### [Task]
Each entry below is to be extracted exactly.

[Collected data entries]
····················

Let x_le_l : x <= L.
Proof.
have s1_gt0 : (0 < s.-1)%N by lia.
rewrite -(ler_pXn2r s1_gt0) ?nnegrE ?x_ge0 ?(ltW L_gt0) //.
rewrite x_pow -powR_mulrn ?(ltW L_gt0) //.
have sr_le : s%:R - r <= s.-1%:R by rewrite s1E lerD2l lerN2.
apply: le_trans (ler_powR L_ge1 sr_le).
by rewrite ler_pdivrMr ?mulr_gt0 // ler_peMr ?powR_ge0 //; have := M_ge1; lra.
Qed.

Let x_lt_2k : x < 2 * k%:R.
Proof.
have [t_le_x x_lt_t1] := andP (truncn_itv x_ge0); set t := Num.truncn x in t_le_x x_lt_t1.
have t_le_l : (t <= l)%N by rewrite -(ler_nat R); apply: le_trans t_le_x x_le_l.
have t_pow : (t%:R : R) ^+ s.-1 <= L `^ (s%:R - r) / (2 * M).
  by rewrite -x_pow lerXn2r ?nnegrE ?ler0n.
have LrLsr : L `^ r * L `^ (s%:R - r) = L ^+ s.
  rewrite -powRD; last by rewrite (gt_eqF L_gt0) implybT.
  by rewrite subrKC powR_mulrn // ltW.
have half : M * L `^ r * (t%:R / L) ^+ s <= t%:R / 2.
  have tS : (t%:R : R) ^+ s = t%:R * t%:R ^+ s.-1 by rewrite -exprS prednK //; lia.
  rewrite expr_div_n tS.
  have -> : t%:R / 2 = M * L `^ r * (t%:R * (L `^ (s%:R - r) / (2 * M)) / L ^+ s).
    by rewrite -LrLsr; field; rewrite !gt_eqF ?powR_gt0.
  apply: ler_wpM2l; first by rewrite mulr_ge0 ?powR_ge0 // ltW.
  apply: ler_wpM2r; first by rewrite invr_ge0 exprn_ge0 // ltW.
  by apply: ler_wpM2l; rewrite ?ler0n.
have := deletion t_le_l; have := half; move: x_lt_t1; rewrite -natr1; lra.
Qed.

Lemma growth_bound :
  L <= (M * 2 ^+ s) `^ (s%:R - r)^-1 * k%:R `^ ((s%:R - 1) / (s%:R - r)).
Proof.
have sr_gt0 : 0 < s%:R - r by rewrite subr_gt0.
have key : L `^ (s%:R - r) < M * 2 ^+ s * k%:R ^+ s.-1.
  have -> : L `^ (s%:R - r) = 2 * M * x ^+ s.-1.
    by rewrite x_pow mulrC divfK // mulf_neq0 ?gt_eqF.
  have -> : M * 2 ^+ s * k%:R ^+ s.-1 = 2 * M * (2 * k%:R) ^+ s.-1.
    by rewrite exprMn -[in LHS](prednK (_ : 0 < s)%N) /= ?exprS; [ring | lia].
  by rewrite ltr_pM2l ?mulr_gt0 // ltrXn2r ?x_lt_2k // -lt0n; lia.
have -> : (s%:R - 1) / (s%:R - r) = s.-1%:R * (s%:R - r)^-1 by rewrite s1E.
have M2s_ge0 : 0 <= M * 2 ^+ s by rewrite mulr_ge0 ?exprn_ge0 // ltW.
rewrite powRrM powR_mulrn ?ler0n // -powRM ?exprn_ge0 ?ler0n //.
have L_root : L = (L `^ (s%:R - r)) `^ (s%:R - r)^-1.
  by rewrite -powRrM mulfV ?gt_eqF // powRr1 // ltW.
rewrite [X in X <= _]L_root; apply: ge0_ler_powR; rewrite ?nnegrE ?invr_ge0 ?powR_ge0 //.
- exact: ltW.
- by rewrite mulr_ge0 ?exprn_ge0 ?ler0n.
- exact: ltW.
Qed.
End Growth.

Lemma ex_deletion_bound (R : realType) m n (H : {set {set 'I_m}}) (G : {set {set 'I_n}}) z t :
  (0 < #|H|)%N -> (0 < #|G|)%N -> (t <= #|G|)%N ->
  t%:R <= (ex G H)%:R + #|copies H G z|%:R * (t%:R / #|G|%:R) ^+ #|H| :> R.
Proof.
move=> H_gt0 G_gt0 tG.
have [F [FG F_free few]] := exists_free_subset (copies_sub (z := z)) H_gt0 tG.
have F_le_ex : (#|F| <= ex G H)%N.
  rewrite /ex; apply: leq_bigmax_cond; rewrite FG /=.
  by apply/negP => /(has_copy_copies z FG)[S /F_free/negP].
have : (t - ex G H)%:R <= #|copies H G z|%:R * (t%:R / #|G|%:R) ^+ #|H| :> R.
  rewrite expr_div_n mulrA ler_pdivlMr ?exprn_gt0 ?ltr0n // -!natrX -!natrM ler_nat.
  by apply: leq_trans few; rewrite leq_mul2r leq_sub2l ?orbT.
rewrite -(lerD2l (ex G H)%:R); apply: le_trans; rewrite -natrD ler_nat; lia.
Qed.

Unset Implicit Arguments.
Theorem proposition2p8 (R : realType) (m : nat) (H : {set {set 'I_m}}) :
  hypergraph H ->
  rho_star R H < (#|H|)%:R ->
  exists c : R, forall k : nat, (0 < k)%N ->
    forall (n : nat) (G : {set {set 'I_n}}), hypergraph G ->
      (ex G H < k)%N ->
      (#|G|)%:R <= c * powR (k%:R)
        (((#|H|)%:R - 1) / ((#|H|)%:R - rho_star R H)).
Proof.
move=> H_edges rho_lt.
have H_gt0 : (0 < #|H|)%N by rewrite -(ltr0n R); apply: le_lt_trans (rho_star_ge0 R H) rho_lt.
have rho_ge1 := rho_star_ge1 R H_edges H_gt0.
have H_ge2 : (2 <= #|H|)%N by rewrite -(ltr_nat R); apply: le_lt_trans rho_ge1 rho_lt.
pose M := ((m.+1 ^ m)%N%:R : R) `^ rho_star R H.
have M_ge1 : 1 <= M.
  by rewrite -[leLHS](powRr0 ((m.+1 ^ m)%N%:R)) ler_powR ?ler1n ?expn_gt0 // (le_trans ler01).
exists ((M * 2 ^+ #|H|) `^ (#|H|%:R - rho_star R H)^-1) => k _ n G G_edges exGH.
have [->|G_gt0] := posnP #|G|; first by rewrite mulr_ge0 ?powR_ge0.
have /card_gt0P[g gG] := G_gt0.
have /set0Pn[c0 _] : g != set0 by apply: contraNneq G_edges => <-.
pose z : {ffun 'I_m -> 'I_n} := [ffun=> c0].
have copies_le : #|copies H G z|%:R <= M * #|G|%:R `^ rho_star R H.
  rewrite mulrC -powRM ?ler0n // -natrM.
  by apply: le_trans (card_homs_le_rho R H z G_gt0); rewrite ler_nat card_copies_le_homs.
apply: growth_bound => // t tG.
apply: le_trans (ex_deletion_bound R z H_gt0 G_gt0 tG) _.
apply: lerD; first by rewrite lerBrDr natr1 ler_nat.
by apply: ler_wpM2r copies_le; rewrite exprn_ge0 // divr_ge0.
Qed.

····················

### [Written reply]
Let x_le_l : x <= L.
Proof.
have s1_gt0 : (0 < s.-1)%N by lia.
rewrite -(ler_pXn2r s1_gt0) ?nnegrE ?x_ge0 ?(ltW L_gt0) //.
rewrite x_pow -powR_mulrn ?(ltW L_gt0) //.
have sr_le : s%:R - r <= s.-1%:R by rewrite s1E lerD2l lerN2.
apply: le_trans (ler_powR L_ge1 sr_le).
by rewrite ler_pdivrMr ?mulr_gt0 // ler_peMr ?powR_ge0 //; have := M_ge1; lra.
Qed.

Let x_lt_2k : x < 2 * k%:R.
Proof.
have [t_le_x x_lt_t1] := andP (truncn_itv x_ge0); set t := Num.truncn x in t_le_x x_lt_t1.
have t_le_l : (t <= l)%N by rewrite -(ler_nat R); apply: le_trans t_le_x x_le_l.
have t_pow : (t%:R : R) ^+ s.-1 <= L `^ (s%:R - r) / (2 * M).
  by rewrite -x_pow lerXn2r ?nnegrE ?ler0n.
have LrLsr : L `^ r * L `^ (s%:R - r) = L ^+ s.
  rewrite -powRD; last by rewrite (gt_eqF L_gt0) implybT.
  by rewrite subrKC powR_mulrn // ltW.
have half : M * L `^ r * (t%:R / L) ^+ s <= t%:R / 2.
  have tS : (t%:R : R) ^+ s = t%:R * t%:R ^+ s.-1 by rewrite -exprS prednK //; lia.
  rewrite expr_div_n tS.
  have -> : t%:R / 2 = M * L `^ r * (t%:R * (L `^ (s%:R - r) / (2 * M)) / L ^+ s).
    by rewrite -LrLsr; field; rewrite !gt_eqF ?powR_gt0.
  apply: ler_wpM2l; first by rewrite mulr_ge0 ?powR_ge0 // ltW.
  apply: ler_wpM2r; first by rewrite invr_ge0 exprn_ge0 // ltW.
  by apply: ler_wpM2l; rewrite ?ler0n.
have := deletion t_le_l; have := half; move: x_lt_t1; rewrite -natr1; lra.
Qed.

Lemma growth_bound :
  L <= (M * 2 ^+ s) `^ (s%:R - r)^-1 * k%:R `^ ((s%:R - 1) / (s%:R - r)).
Proof.
have sr_gt0 : 0 < s%:R - r by rewrite subr_gt0.
have key : L `^ (s%:R - r) < M * 2 ^+ s * k%:R ^+ s.-1.
  have -> : L `^ (s%:R - r) = 2 * M * x ^+ s.-1.
    by rewrite x_pow mulrC divfK // mulf_neq0 ?gt_eqF.
  have -> : M * 2 ^+ s * k%:R ^+ s.-1 = 2 * M * (2 * k%:R) ^+ s.-1.
    by rewrite exprMn -[in LHS](prednK (_ : 0 < s)%N) /= ?exprS; [ring | lia].
  by rewrite ltr_pM2l ?mulr_gt0 // ltrXn2r ?x_lt_2k // -lt0n; lia.
have -> : (s%:R - 1) / (s%:R - r) = s.-1%:R * (s%:R - r)^-1 by rewrite s1E.
have M2s_ge0 : 0 <= M * 2 ^+ s by rewrite mulr_ge0 ?exprn_ge0 // ltW.
rewrite powRrM powR_mulrn ?ler0n // -powRM ?exprn_ge0 ?ler0n //.
have L_root : L = (L `^ (s%:R - r)) `^ (s%:R - r)^-1.
  by rewrite -powRrM mulfV ?gt_eqF // powRr1 // ltW.
rewrite [X in X <= _]L_root; apply: ge0_ler_powR; rewrite ?nnegrE ?invr_ge0 ?powR_ge0 //.
- exact: ltW.
- by rewrite mulr_ge0 ?exprn_ge0 ?ler0n.
- exact: ltW.
Qed.
End Growth.

Lemma ex_deletion_bound (R : realType) m n (H : {set {set 'I_m}}) (G : {set {set 'I_n}}) z t :
  (0 < #|H|)%N -> (0 < #|G|)%N -> (t <= #|G|)%N ->
  t%:R <= (ex G H)%:R + #|copies H G z|%:R * (t%:R / #|G|%:R) ^+ #|H| :> R.
Proof.
move=> H_gt0 G_gt0 tG.
have [F [FG F_free few]] := exists_free_subset (copies_sub (z := z)) H_gt0 tG.
have F_le_ex : (#|F| <= ex G H)%N.
  rewrite /ex; apply: leq_bigmax_cond; rewrite FG /=.
  by apply/negP => /(has_copy_copies z FG)[S /F_free/negP].
have : (t - ex G H)%:R <= #|copies H G z|%:R * (t%:R / #|G|%:R) ^+ #|H| :> R.
  rewrite expr_div_n mulrA ler_pdivlMr ?exprn_gt0 ?ltr0n // -!natrX -!natrM ler_nat.
  by apply: leq_trans few; rewrite leq_mul2r leq_sub2l ?orbT.
rewrite -(lerD2l (ex G H)%:R); apply: le_trans; rewrite -natrD ler_nat; lia.
Qed.

Unset Implicit Arguments.
Theorem proposition2p8 (R : realType) (m : nat) (H : {set {set 'I_m}}) :
  hypergraph H ->
  rho_star R H < (#|H|)%:R ->
  exists c : R, forall k : nat, (0 < k)%N ->
    forall (n : nat) (G : {set {set 'I_n}}), hypergraph G ->
      (ex G H < k)%N ->
      (#|G|)%:R <= c * powR (k%:R)
        (((#|H|)%:R - 1) / ((#|H|)%:R - rho_star R H)).
Proof.
move=> H_edges rho_lt.
have H_gt0 : (0 < #|H|)%N by rewrite -(ltr0n R); apply: le_lt_trans (rho_star_ge0 R H) rho_lt.
have rho_ge1 := rho_star_ge1 R H_edges H_gt0.
have H_ge2 : (2 <= #|H|)%N by rewrite -(ltr_nat R); apply: le_lt_trans rho_ge1 rho_lt.
pose M := ((m.+1 ^ m)%N%:R : R) `^ rho_star R H.
have M_ge1 : 1 <= M.
  by rewrite -[leLHS](powRr0 ((m.+1 ^ m)%N%:R)) ler_powR ?ler1n ?expn_gt0 // (le_trans ler01).
exists ((M * 2 ^+ #|H|) `^ (#|H|%:R - rho_star R H)^-1) => k _ n G G_edges exGH.
have [->|G_gt0] := posnP #|G|; first by rewrite mulr_ge0 ?powR_ge0.
have /card_gt0P[g gG] := G_gt0.
have /set0Pn[c0 _] : g != set0 by apply: contraNneq G_edges => <-.
pose z : {ffun 'I_m -> 'I_n} := [ffun=> c0].
have copies_le : #|copies H G z|%:R <= M * #|G|%:R `^ rho_star R H.
  rewrite mulrC -powRM ?ler0n // -natrM.
  by apply: le_trans (card_homs_le_rho R H z G_gt0); rewrite ler_nat card_copies_le_homs.
apply: growth_bound => // t tG.
apply: le_trans (ex_deletion_bound R z H_gt0 G_gt0 tG) _.
apply: lerD; first by rewrite lerBrDr natr1 ler_nat.
by apply: ler_wpM2r copies_le; rewrite exprn_ge0 // divr_ge0.
Qed.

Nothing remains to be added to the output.